= EXERCISE REQUIREMENTS =
Work through the entries below and show every line in which "ihom" is found.

= TASK INPUT =

◇ ◇ ◇ ◇ ◇ ◇ ◇

(* For every prime $p$ and every $k\ge 2$, $cw(\mathrm{Syl}_p(S_{p^k}))=1$. For every prime $p>2$ and every $k\ge 2$, $cw(\mathrm{Syl}_p(A_{p^k}))=1$.
   Context: $\mathrm{Syl}_p(G)$ denotes a Sylow $p$-subgroup of $G$; $S_n$ and $A_n$ are the symmetric and alternating groups. The commutator width $cw(G)$ is the maximum, over elements $g$ of the derived subgroup $G'$, of the least number of commutators whose product is $g$. *)

From mathcomp Require Import all_boot all_fingroup all_solvable.
Set Implicit Arguments. Unset Strict Implicit. Unset Printing Implicit Defensive.
Import GroupScope.

Definition prod_of_comms (gT : finGroupType) (G : {set gT}) (m : nat) (g : gT) : Prop :=
  exists s : seq (gT * gT),
    [/\ size s = m, all (fun c => (c.1 \in G) && (c.2 \in G)) s
      & g = \prod_(c <- s) [~ c.1, c.2]].

Definition commutator_width_is (gT : finGroupType) (G : {set gT}) (n : nat) : Prop :=
  (forall g, g \in G^`(1) -> exists2 m, m <= n & prod_of_comms G m g) /\
  (exists2 g, g \in G^`(1) & forall m, m < n -> ~ prod_of_comms G m g).
Lemma typing_invariant_sigma_rule : typing_invariant sigma_rule.
Proof.
  intros ? ? [M N P|V M N HV] G Q s; split; intro H.
  - apply typed_app_inv in H as (G1&G2&R&Q1&s1&s2&H1&H2&E&HQ&->).
    apply typed_app_inv in H1 as (G11&G12&S0&X&s11&s12&H11&H12&E1&HX&->).
    apply Permutation_sym, Permutation_length_1_inv in HX; subst X.
    destruct (typed_lam_cons_inv _ _ _ _ _ H11) as (Gb&Gr&P'&Q'&sb&sr&Heq&Hb&HP&Hr&E2&->).
    injection Heq as <- <-. apply typed_lam_nil_inv in Hr as [Hr ->].
    replace (S (S (S (sb + 0) + s12) + s2)) with (S (S (S (sb + s2) + 0) + s12)) by lia.
    eapply typed_app; [|exact H12| |reflexivity].
    + apply typed_lam_cons with (Gb := env_add Gb (env_ins 0 G2)) (G' := env_empty).
      * eapply typed_app; [exact Hb|exact (typed_lift _ _ _ _ 0 H2)|reflexivity|exact HQ].
      * rewrite <- HP. unfold env_add, env_ins; simpl. rewrite app_nil_r; reflexivity.
      * apply typed_lam_nil; reflexivity.
      * reflexivity.
    + rewrite E, E1, E2, Hr. solve_env.
  - apply typed_app_inv in H as (G1&G2&S0&Q1&s1&s2&H1&H2&E&HQ&->).
    destruct (typed_lam_cons_inv _ _ _ _ _ H1) as (Gb&Gr&P'&Q'&sb&sr&Heq&Hb&HP&Hr&E2&->).
    injection Heq as <- <-. apply typed_lam_nil_inv in Hr as [Hr ->].
    apply typed_app_inv in Hb as (Gm&Gp&R&Q2&sm&sp&Hm&Hp&Eb&HQ2&->).
    apply typed_lift_inv in Hp as [Gp0 Hp].
    replace (S (S (S (sm + sp) + 0) + s2)) with (S (S (S (sm + 0) + s2) + sp)) by lia.
    eapply typed_app; [|exact Hp| |exact (Permutation_trans HQ2 HQ)].
    + eapply typed_app; [|exact H2|reflexivity|reflexivity].
      apply typed_lam_cons with (Gb := Gm) (G' := env_empty);
        [exact Hm| |apply typed_lam_nil; reflexivity|reflexivity].
      rewrite <- HP, (Eb 0). unfold env_add. rewrite Gp0, app_nil_r. reflexivity.
    + rewrite E, E2, Hr, Eb. solve_env.
  - apply typed_app_inv in H as (G1&G2&R&Q1&s1&s2&H1&H2&E&HQ&->).
    apply typed_app_inv in H2 as (G21&G22&S0&X&s21&s22&H21&H22&E1&HX&->).
    destruct (typed_lam_cons_inv _ _ _ _ _ H21) as (Gb&Gr&P'&Q'&sb&sr&Heq&Hb&HP&Hr&E2&->).
    injection Heq as <- <-. apply typed_lam_nil_inv in Hr as [Hr ->].
    replace (S (s1 + S (S (sb + 0) + s22))) with (S (S (S (s1 + sb) + 0) + s22)) by lia.
    eapply typed_app; [|exact H22| |reflexivity].
    + apply typed_lam_cons with (Gb := env_add (env_ins 0 G1) Gb) (G' := env_empty).
      * eapply typed_app; [exact (typed_lift _ _ _ _ 0 H1)|exact (typed_perm _ _ _ _ _ Hb HX)
                          |reflexivity|exact HQ].
      * rewrite <- HP. reflexivity.
      * apply typed_lam_nil; reflexivity.
      * reflexivity.
    + rewrite E, E1, E2, Hr. solve_env.
  - apply typed_app_inv in H as (G1&G2&S0&Q1&s1&s2&H1&H2&E&HQ&->).
    destruct (typed_lam_cons_inv _ _ _ _ _ H1) as (Gb&Gr&P'&Q'&sb&sr&Heq&Hb&HP&Hr&E2&->).
    injection Heq as <- <-. apply typed_lam_nil_inv in Hr as [Hr ->].
    apply typed_app_inv in Hb as (Gv&Gm&R&Q2&sv&sm&HVt&Hm&Eb&HQ2&->).
    apply typed_lift_inv in HVt as [Gv0 HVt].
    replace (S (S (S (sv + sm) + 0) + s2)) with (S (sv + S (S (sm + 0) + s2))) by lia.
    eapply typed_app; [exact HVt| | |exact (Permutation_trans HQ2 HQ)].
    + eapply typed_app; [|exact H2|reflexivity|reflexivity].
      apply typed_lam_cons with (Gb := Gm) (G' := env_empty);
        [exact Hm| |apply typed_lam_nil; reflexivity|reflexivity].
      rewrite <- HP, (Eb 0). unfold env_add. rewrite Gv0. reflexivity.
    + rewrite E, E2, Hr, Eb. solve_env.
Qed.
(* Let $(\mathcal C,\otimes,I)$ be a symmetric closed monoidal category and $M$ a commutative monad on $\mathcal C$, and let $A$ be an object. Then the tuple $\langle A\Rightarrow MA,\ \Lambda(q),\ \mathsf{kcomp},\ \mathsf{kident}\rangle$, where $q=\mu_A\circ M\mathsf{app}\circ\tau: M(A\Rightarrow MA)\otimes A\to M((A\Rightarrow MA)\otimes A)\to MMA\to MA$, is a symmetric Eilenberg--Moore $M$-monoid.
   Context: Symmetry $\mathsf{sym}:X\otimes Y\to Y\otimes X$; structural isomorphisms written $\cong$. Closed: $(-)\otimes B\dashv B\Rightarrow(-)$, currying $\Lambda:\mathcal C(X\otimes B,C)\cong\mathcal C(X,B\Rightarrow C)$, counit $\mathsf{app}:(B\Rightarrow C)\otimes B\to C$. $M$ has strength $\tau_{X,Y}:MX\otimes Y\to M(X\otimes Y)$ and left strength $\tau'_{X,Y}=M\mathsf{sym}\circ\tau_{Y,X}\circ\mathsf{sym}: X\otimes MY\to M(X\otimes Y)$; commutativity means $\mu\circ M\tau\circ\tau'=\mu\circ M\tau'\circ\tau: MX\otimes MY\to M(X\otimes Y)$. Kleisli composition: $\mathsf{kcomp}=\Lambda(w):(B\Rightarrow MC)\otimes(X\Rightarrow MB)\to(X\Rightarrow MC)$ where $w=\mu_C\circ M\mathsf{app}\circ\tau'\circ(\mathrm{id}\otimes\mathsf{app})\circ\cong: ((B\Rightarrow MC)\otimes(X\Rightarrow MB))\otimes X\to (B\Rightarrow MC)\otimes((X\Rightarrow MB)\otimes X)\to(B\Rightarrow MC)\otimes MB\to M((B\Rightarrow MC)\otimes B)\to MMC\to MC$; $\mathsf{kident}=\Lambda(\eta_X\circ\cong): I\to(X\Rightarrow MX)$ with $\cong: I\otimes X\to X$ (here $X=B=C=A$). A symmetric Eilenberg--Moore $M$-monoid is a tuple $\langle E,a: ME\to E,m: E\otimes E\to E,u: I\to E\rangle$ with $\langle E,a\rangle$ an Eilenberg--Moore $M$-algebra, $\langle E,m,u\rangle$ a monoid, and $a\circ Mm\circ\mu_{E\otimes E}\circ M\tau'_{E,E}\circ\tau_{E,ME}=m\circ(a\otimes a): ME\otimes ME\to E$. *)

Set Implicit Arguments.
Unset Strict Implicit.
Set Universe Polymorphism.

Record SMCC := {
  Obj :> Type;
  Hom : Obj -> Obj -> Type;
  cid : forall X, Hom X X;
  ccomp : forall X Y Z, Hom Y Z -> Hom X Y -> Hom X Z;
  comp_id_l : forall X Y (f : Hom X Y), ccomp (cid Y) f = f;
  comp_id_r : forall X Y (f : Hom X Y), ccomp f (cid X) = f;
  comp_assoc : forall X Y Z W (h : Hom Z W) (g : Hom Y Z) (f : Hom X Y),
      ccomp h (ccomp g f) = ccomp (ccomp h g) f;

  tens : Obj -> Obj -> Obj;
  tensH : forall X X' Y Y', Hom X X' -> Hom Y Y' -> Hom (tens X Y) (tens X' Y');
  tensH_id : forall X Y, tensH (cid X) (cid Y) = cid (tens X Y);
  tensH_comp : forall X X' X'' Y Y' Y'' (f' : Hom X' X'') (f : Hom X X')
      (g' : Hom Y' Y'') (g : Hom Y Y'),
      tensH (ccomp f' f) (ccomp g' g) = ccomp (tensH f' g') (tensH f g);
  unit : Obj;

  assoc : forall X Y Z, Hom (tens (tens X Y) Z) (tens X (tens Y Z));
  assoc_inv : forall X Y Z, Hom (tens X (tens Y Z)) (tens (tens X Y) Z);
  assoc_iso1 : forall X Y Z, ccomp (assoc_inv X Y Z) (assoc X Y Z) = cid _;
  assoc_iso2 : forall X Y Z, ccomp (assoc X Y Z) (assoc_inv X Y Z) = cid _;
  assoc_nat : forall X X' Y Y' Z Z' (f : Hom X X') (g : Hom Y Y') (h : Hom Z Z'),
      ccomp (assoc X' Y' Z') (tensH (tensH f g) h)
      = ccomp (tensH f (tensH g h)) (assoc X Y Z);

  lunit : forall X, Hom (tens unit X) X;
  lunit_inv : forall X, Hom X (tens unit X);
  lunit_iso1 : forall X, ccomp (lunit_inv X) (lunit X) = cid _;
  lunit_iso2 : forall X, ccomp (lunit X) (lunit_inv X) = cid _;
  lunit_nat : forall X X' (f : Hom X X'),
      ccomp (lunit X') (tensH (cid unit) f) = ccomp f (lunit X);

  runit : forall X, Hom (tens X unit) X;
  runit_inv : forall X, Hom X (tens X unit);
  runit_iso1 : forall X, ccomp (runit_inv X) (runit X) = cid _;
  runit_iso2 : forall X, ccomp (runit X) (runit_inv X) = cid _;
  runit_nat : forall X X' (f : Hom X X'),
      ccomp (runit X') (tensH f (cid unit)) = ccomp f (runit X);

  pentagon : forall W X Y Z,
      ccomp (assoc W X (tens Y Z)) (assoc (tens W X) Y Z)
      = ccomp (tensH (cid W) (assoc X Y Z))
          (ccomp (assoc W (tens X Y) Z) (tensH (assoc W X Y) (cid Z)));
  triangle : forall X Y,
      ccomp (tensH (cid X) (lunit Y)) (assoc X unit Y)
      = tensH (runit X) (cid Y);

  sym : forall X Y, Hom (tens X Y) (tens Y X);
  sym_nat : forall X X' Y Y' (f : Hom X X') (g : Hom Y Y'),
      ccomp (sym X' Y') (tensH f g) = ccomp (tensH g f) (sym X Y);
  sym_invol : forall X Y, ccomp (sym Y X) (sym X Y) = cid (tens X Y);
  hexagon : forall X Y Z,
      ccomp (assoc Y Z X) (ccomp (sym X (tens Y Z)) (assoc X Y Z))
      = ccomp (tensH (cid Y) (sym X Z))
          (ccomp (assoc Y X Z) (tensH (sym X Y) (cid Z)));

  ihom : Obj -> Obj -> Obj;
  app : forall B C, Hom (tens (ihom B C) B) C;
  curry : forall X B C, Hom (tens X B) C -> Hom X (ihom B C);
  curry_beta : forall X B C (f : Hom (tens X B) C),
      ccomp (app B C) (tensH (curry f) (cid B)) = f;
  curry_eta : forall X B C (g : Hom X (ihom B C)),
      curry (ccomp (app B C) (tensH g (cid B))) = g
}.
Lemma tensor_mono_compl : tensor_mono Yc (g \o f) -> tensor_mono Yc f.
Proof.
by move=> gf_mono Y Yc_Y s /(tens_eq_map g); rewrite tens_map_comp => /gf_mono; apply.
Qed.

End TensorMono.

Lemma tensor_mono_of_exact (R : pzRingType) (Yc : lmodType R^c -> Prop)
    (U0 U1 K U2 : lmodType R)
    (a : {linear U0 -> U1}) (k : {linear U1 -> K}) (i : {linear K -> U2}) :
  (forall z, exists y, k y = z) -> (forall v, k (a v) = 0) ->
  (forall Y, Yc Y -> tensor_exact_at Y a (i \o k)) -> tensor_mono Yc i.
Proof.
move=> k_surj ka a_exact Y Yc_Y s; have [u <-] := tens_map_surj k_surj s.
rewrite tens_map_comp => /(a_exact Y Yc_Y)[v vu].
apply: tens_eq_trans (tens_eq_map k (tens_eq_sym vu)) _.
by rewrite tens_map_comp; apply: tens_map0.
Qed.

Section Splice.
Variables (R : pzRingType) (G1 N2 G2 N3 G3 : lmodType R).
Variables (p1 : {linear G1 -> N2}) (i2 : {linear N2 -> G2}).
Variables (p2 : {linear G2 -> N3}) (i3 : {linear N3 -> G3}).
Hypotheses (p1_surj : forall n, exists x, p1 x = n) (i2p2 : short_exact i2 p2).

Lemma splice_exact : injective i3 -> exact_at (i2 \o p1) (i3 \o p2).
Proof.
have [_ _ i2p2_exact] := i2p2; move=> i3_inj x /=.
split=> [i3p2x|[y <-]]; last by rewrite (exact_at_comp0 i2p2_exact) linear0.
have /i2p2_exact[n <-] : p2 x = 0 by apply: i3_inj; rewrite i3p2x linear0.
by have [y <-] := p1_surj n; exists y.
Qed.

Lemma splice_tensor_exact (Yc : lmodType R^c -> Prop) :
  tensor_mono Yc i3 -> forall Y, Yc Y -> tensor_exact_at Y (i2 \o p1) (i3 \o p2).
Proof.
have [_ p2_surj i2p2_exact] := i2p2; move=> i3_mono Y Yc_Y t.
have p2_exact := tensor_right_exact (Y := Y) p2_surj i2p2_exact.
rewrite -tens_map_comp; split=> [/i3_mono-/(_ Yc_Y)/p2_exact[u ut]|[s st]].
  have [s su] := tens_map_surj p1_surj u.
  by rewrite -su tens_map_comp in ut; exists s.
apply: tens_eq_trans (tens_eq_map i3 (tens_eq_map p2 (tens_eq_sym st))) _.
rewrite !tens_map_comp; apply: tens_map0 => y /=.
by rewrite (exact_at_comp0 i2p2_exact) linear0.
Qed.

End Splice.

(* The complexes of [GF_of] have their differentials indexed by [n] and
   [n + 1], which are not convertible for open [n]; [castm] transports
   modules of an integer-indexed family along equalities of indices. *)
Section Cast.
Variables (R : pzRingType) (E : int -> lmodType R).

Definition castm i j (e : i = j) (x : E i) : E j := ecast k (E k) e x.

Lemma castm_linear i j (e : i = j) : linear (castm e).
Proof. by case: j / e. Qed.

HB.instance Definition _ i j (e : i = j) :=
  GRing.isLinear.Build R (E i) (E j) _ (castm e) (castm_linear e).

Lemma castm_inj i j (e : i = j) : injective (castm e).
Proof. by case: j / e. Qed.

Variables (A : lmodType R) (t : int -> int) (g : forall m, {linear E m -> E (t m)}).

Lemma exact_at_castm i j (e1 : i = j) J (e2 : t j = J) (f : A -> E i) :
  exact_at f (g i) -> exact_at (castm e1 \o f) (castm e2 \o g j).
Proof. by move: e2; case: j / e1 => e2; case: J / e2. Qed.

Lemma tensor_exact_at_castm (Y : lmodType R^c) i j (e1 : i = j) J (e2 : t j = J)
    (f : A -> E i) :
  tensor_exact_at Y f (g i) -> tensor_exact_at Y (castm e1 \o f) (castm e2 \o g j).
Proof. by move: e2; case: j / e1 => e2; case: J / e2. Qed.

End Cast.

Section Reindex.
Variables (R : pzRingType) (E : int -> lmodType R) (s phi : int -> int).
Variables (e : forall n, s (phi n) = phi (n + 1)).
Variables (delta : forall m, {linear E m -> E (s m)}).

Definition complex_reindex n : {linear E (phi n) -> E (phi (n + 1))} :=
  castm (e n) \o delta (phi n).

Lemma reindex_exact :
  (forall m, exact_at (delta m) (delta (s m))) ->
  complex_exact (C := E \o phi) complex_reindex.
Proof.
by move=> delta_exact n; apply: (exact_at_castm (e n) (e (n + 1)) (delta_exact (phi n))).
Qed.

Lemma reindex_tensor_exact Y :
  (forall m, tensor_exact_at Y (delta m) (delta (s m))) ->
  tensor_exact (C := E \o phi) Y complex_reindex.
Proof.
move=> delta_exact n.
by apply: (tensor_exact_at_castm (e n) (e (n + 1)) (delta_exact (phi n))).
Qed.

End Reindex.

Section GFof.
Variables (R : pzRingType) (Yc : lmodType R^c -> Prop) (P : lmodType R -> Prop).

Lemma GF_of_kernel (C : int -> lmodType R) (d : forall n, {linear C n -> C (n + 1)}) :
  (forall n, P (C n)) -> complex_exact d -> Ytensor_exact Yc d ->
  forall k (K : lmodType R) (i : {linear K -> C k}),
  injective i -> exact_at i (d k) -> GF_of P Yc K.
Proof.
move=> CP d_exact d_texact k K i i_inj i_exact.
have e n : n + k + 1 = n + 1 + k by rewrite addrAC.
exists (C \o +%R^~ k), (complex_reindex e d); split.
- by move=> n; apply: CP.
- exact: (reindex_exact e d_exact).
- by move=> Y Yc_Y; apply: (reindex_tensor_exact e (d_texact Y Yc_Y)).
have e0 : k = 0 + k by rewrite add0r.
exists (castm e0 \o i); split; first by move=> x y /= /castm_inj/i_inj.
exact: (exact_at_castm e0 (e 0) i_exact).
Qed.

Definition Ytensor_ses (A B C : lmodType R) (f : {linear A -> B}) (g : {linear B -> C}) :=
  short_exact f g /\ tensor_mono Yc f.

Section Steps.
Variables (Q : lmodType R -> Prop) (M : lmodType R).

Record right_step := RightStep {
  rs_mid : lmodType R; rs_cok : lmodType R;
  rs_in : {linear M -> rs_mid}; rs_out : {linear rs_mid -> rs_cok};
  rs_ses : Ytensor_ses rs_in rs_out; rs_midP : P rs_mid; rs_cokQ : Q rs_cok }.

Record left_step := LeftStep {
  ls_ker : lmodType R; ls_mid : lmodType R;
  ls_in : {linear ls_ker -> ls_mid}; ls_out : {linear ls_mid -> M};
  ls_ses : Ytensor_ses ls_in ls_out; ls_midP : P ls_mid; ls_kerQ : Q ls_ker }.

End Steps.

Lemma GF_of_chain (N G : int -> lmodType R) (s : int -> int)
    (s_succ : forall n, s n = n + 1)
    (i : forall n, {linear N n -> G n}) (p : forall n, {linear G n -> N (s n)}) :
  (forall n, Ytensor_ses (i n) (p n)) -> (forall n, P (G n)) -> GF_of P Yc (N 0).
Proof.
move=> ses GP; pose delta m : {linear G m -> G (s m)} := i (s m) \o p m.
have p_surj m : forall x, exists y, p m y = x by have [[]] := ses m.
have i_inj m : injective (i m) by have [[]] := ses m.
exists (G \o id), (complex_reindex (phi := id) s_succ delta); split=> //.
- apply: reindex_exact => m.
  exact: splice_exact (p_surj m) (ses (s m)).1 (i_inj (s (s m))).
- move=> Y Yc_Y; apply: reindex_tensor_exact => m.
  exact (splice_tensor_exact (p_surj m) (ses (s m)).1 (ses (s (s m))).2 Yc_Y).
exists (i 0); split; first exact: i_inj.
apply: (exact_at_castm (erefl 0) (s_succ 0)).
by have [[_ _ ip0] _] := ses 0; apply: exact_at_inj_comp (i_inj (s 0)) ip0.
Qed.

◇ ◇ ◇ ◇ ◇ ◇ ◇

= ANSWER FOR THE TASK =
  ihom : Obj -> Obj -> Obj;
  app : forall B C, Hom (tens (ihom B C) B) C;
  curry : forall X B C, Hom (tens X B) C -> Hom X (ihom B C);
  curry_eta : forall X B C (g : Hom X (ihom B C)),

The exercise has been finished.